Em outras oportunidades, como na operação Thêmis, em 2007, e em nota recente, sobre as declarações do ministro Gilmar Mendes, presidente do Supremo Tribunal Federal, acerca da divulgação de informações sigilosas pela Polícia Federal, a Ajufesp expressou seu repúdio a essa prática.

É preciso dar um basta! Uma polícia séria e competente como a Federal não pode adotar ou sequer permitir essa exposição pública, que violenta os direitos e garantias individuais dos cidadãos.

O ministro da Justiça, Tarso Genro e o diretor-geral da Polícia Federal, Luiz Fernando Corrêa, precisam apurar o vazamento e evitar que tais ocorrências venham a se repetir no futuro.
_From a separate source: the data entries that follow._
(* Let $\sigma$ be a countable relational signature containing a relation symbol $R$ of arity at least $2$, and let $k\geq1$ be an integer; if $k\geq2$ assume moreover that $\sigma$ contains a relation symbol $Q\neq R$. Let $\mathbf P=\{\mathcal A\in\mathbf S_\sigma:\mathcal A\text{ has at most }k\text{ connected components}\}$. Then $\mathbf P$ is not expressible in $FO(\sigma)$; every abstract logic $L(\sigma)\geq FO(\sigma)$ that can express $\mathbf P$ fails the $\aleph_0$-compactness property; and every such logic which is moreover closed under negation has no sound and complete proof system.
   Context: In a $\sigma$-structure $\mathcal A$, distinct $a,b$ are adjacent if both occur in some tuple of some relation $S^{\mathcal A}$, $S\in\sigma$; a path is a sequence of distinct elements each adjacent to the next; the connected components are the classes of the equivalence relation ``$a=b$ or there is a path from $a$ to $b$''. $\mathbf S_\sigma$ is the class of $\sigma$-structures. An abstract logic over $\sigma$ is a pair $(L(\sigma),\models_{L(\sigma)})$ with isomorphism-invariant satisfaction relation; a class is expressed by it if some sentence is satisfied exactly by its members; $L(\sigma)\geq FO(\sigma)$ means every first-order expressible class is $L(\sigma)$-expressible; $\aleph_0$-compactness: every countable finitely satisfiable set of sentences is satisfiable; closed under negation: each sentence has a sentence true exactly where it is false. A proof system $(\Pi,p,c)$ assigns to each $\pi$ a finite sequence of premisses and a conclusion; sound: premisses semantically entail the conclusion; complete: whenever $\Gamma$ entails $\psi$ some $\pi$ has conclusion $\psi$ and all premisses in $\Gamma$. *)

From Stdlib Require Import List Arith Lia.
From Stdlib Require Vectors.Fin.
Import ListNotations.

Set Implicit Arguments.

Definition countable (X : Type) : Prop :=
  exists f : X -> nat, forall x y, f x = f y -> x = y.

Record structure (Sym : Type) (ar : Sym -> nat) : Type := Structure {
  dom : Type;
  dom_ne : inhabited dom;
  rel : forall S : Sym, (Fin.t (ar S) -> dom) -> Prop
}.
Arguments dom {Sym ar} _.
Arguments rel {Sym ar} _ _ _.

Section Structures.
Variables (Sym : Type) (ar : Sym -> nat).

Definition isomorphic (A B : structure ar) : Prop :=
  exists (f : dom A -> dom B) (g : dom B -> dom A),
    (forall x, g (f x) = x) /\ (forall y, f (g y) = y) /\
    (forall (S : Sym) (t : Fin.t (ar S) -> dom A),
        rel A S t <-> rel B S (fun i => f (t i))).

Definition adjacent (A : structure ar) (a b : dom A) : Prop :=
  a <> b /\
  exists (S : Sym) (t : Fin.t (ar S) -> dom A) (i j : Fin.t (ar S)),
    rel A S t /\ t i = a /\ t j = b.

Fixpoint chain {X : Type} (r : X -> X -> Prop) (l : list X) : Prop :=
  match l with
  | [] => True
  | x :: l' => match l' with
               | [] => True
               | y :: _ => r x y /\ chain r l'
               end
  end.

Definition is_path (A : structure ar) (l : list (dom A)) : Prop :=
  NoDup l /\ chain (adjacent A) l.

Definition connected (A : structure ar) (a b : dom A) : Prop :=
  a = b \/
  exists l : list (dom A), is_path A (a :: l) /\ l <> [] /\ last l a = b.

(* A has at most k connected components: there are at most k classes of
   the equivalence relation [connected], i.e. some list of at most k
   elements meets every class. *)
Definition at_most_k_components (k : nat) (A : structure ar) : Prop :=
  exists reps : list (dom A),
    length reps <= k /\ forall a : dom A, exists b, In b reps /\ connected A a b.

Inductive formula : Type :=
| F_rel : forall S : Sym, (Fin.t (ar S) -> nat) -> formula
| F_eq : nat -> nat -> formula
| F_bot : formula
| F_imp : formula -> formula -> formula
| F_all : nat -> formula -> formula.

Definition update {D : Type} (e : nat -> D) (x : nat) (d : D) : nat -> D :=
  fun y => if Nat.eqb y x then d else e y.

Fixpoint fo_sat (A : structure ar) (e : nat -> dom A) (phi : formula) : Prop :=
  match phi with
  | @F_rel s v => rel A s (fun i => e (v i))
  | F_eq x y => e x = e y
  | F_bot => False
  | F_imp p q => fo_sat A e p -> fo_sat A e q
  | F_all x p => forall d : dom A, fo_sat A (update e x d) p
  end.

Fixpoint free_in (x : nat) (phi : formula) : Prop :=
  match phi with
  | @F_rel s v => exists i, v i = x
  | F_eq y z => y = x \/ z = x
  | F_bot => False
  | F_imp p q => free_in x p \/ free_in x q
  | F_all y p => y <> x /\ free_in x p
  end.

Definition fo_sentence (phi : formula) : Prop := forall x, ~ free_in x phi.

Definition fo_expressible (P : structure ar -> Prop) : Prop :=
  exists phi : formula, fo_sentence phi /\
    forall A : structure ar, (forall e : nat -> dom A, fo_sat A e phi) <-> P A.

(* An abstract logic is a type L of sentences together with a satisfaction
   relation sat; isomorphism invariance is a separate hypothesis. *)
Definition iso_invariant (L : Type) (sat : structure ar -> L -> Prop) : Prop :=
  forall A B : structure ar, isomorphic A B -> forall phi, sat A phi <-> sat B phi.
São Paulo, 08 de julho de 2008.

Ricardo de Castro Nascimento

Presidente

Revista Consultor Jurídico, 8 de julho de 2008, 17h28

Comentários de leitores

9 comentários

Em 2003, já denunciava os abusos cometidos nas ...

HERMAN (Outros)

Em 2003, já denunciava os abusos cometidos nas estrepitosas operações, expus tudo em um HC perante o STF e, sem nenhuma pretensão em ser mago, supliquei aos Ministros do STF que se alguma medida não fosse tomada, seriam eles a provar do “veneno”. Nada fez o Ministro Relator e o HC guardado na gaveta até hoje. O mundo gira, e a história se repete, não só minhas previsões como outras de tempos já muito idos. "Um dia vieram e levaram meu vizinho que era judeu. Como não sou judeu, não me incomodei. No dia seguinte, vieram e levaram meu outro vizinho que era comunista. Como não sou comunista, não me incomodei. No terceiro dia vieram e levaram meu vizinho católico. Como não sou católico, não me incomodei. No quarto dia, vieram e me levaram; já não havia mais ninguém para reclamar..." Martin Niemöller, 1933

Gabriel, não pretendo corrigí-lo, mas acho que ...

prosecutor (Procurador de Justiça de 2ª. Instância)

Gabriel, não pretendo corrigí-lo, mas acho que é importante captar a essência da nota da Ajufesp. A crítica não se dirige às prisões, mas ao vazamento e ao espetáculo. Não vou negar que me diverti vendo o Pitta de pijamas recebendo voz de prisão, mas não me parece normal que as ações da PF sempre ocorram sob holofotes. Um dia algum maluco reage com um canhão e vai sobrar cinegrafista fuzilado prá todo lado. Em se tratando de ação policial, seja federal, estadual ou militar, o espetáculo é tudo o que não é desejável. No caso, a propaganda não é a alma do negócio.

Não adianta reclamar, pois que parte dos integr...

Francisco Lobo da Costa Ruiz - advocacia criminal (Advogado Autônomo - Criminal)

Não adianta reclamar, pois que parte dos integrantes do judiciário é que é responsável pela situação que vivemos. A tendência é só piorar e pelo que percebo o judiciário não tem moral para colocar fim nos desmandos. Lamento muito tenhámos chegado nesse pé, malgrado todos os alertas oriundos da advocacia. "Parabéns" aos senhores juízes que contribuiram para o cáos reinante.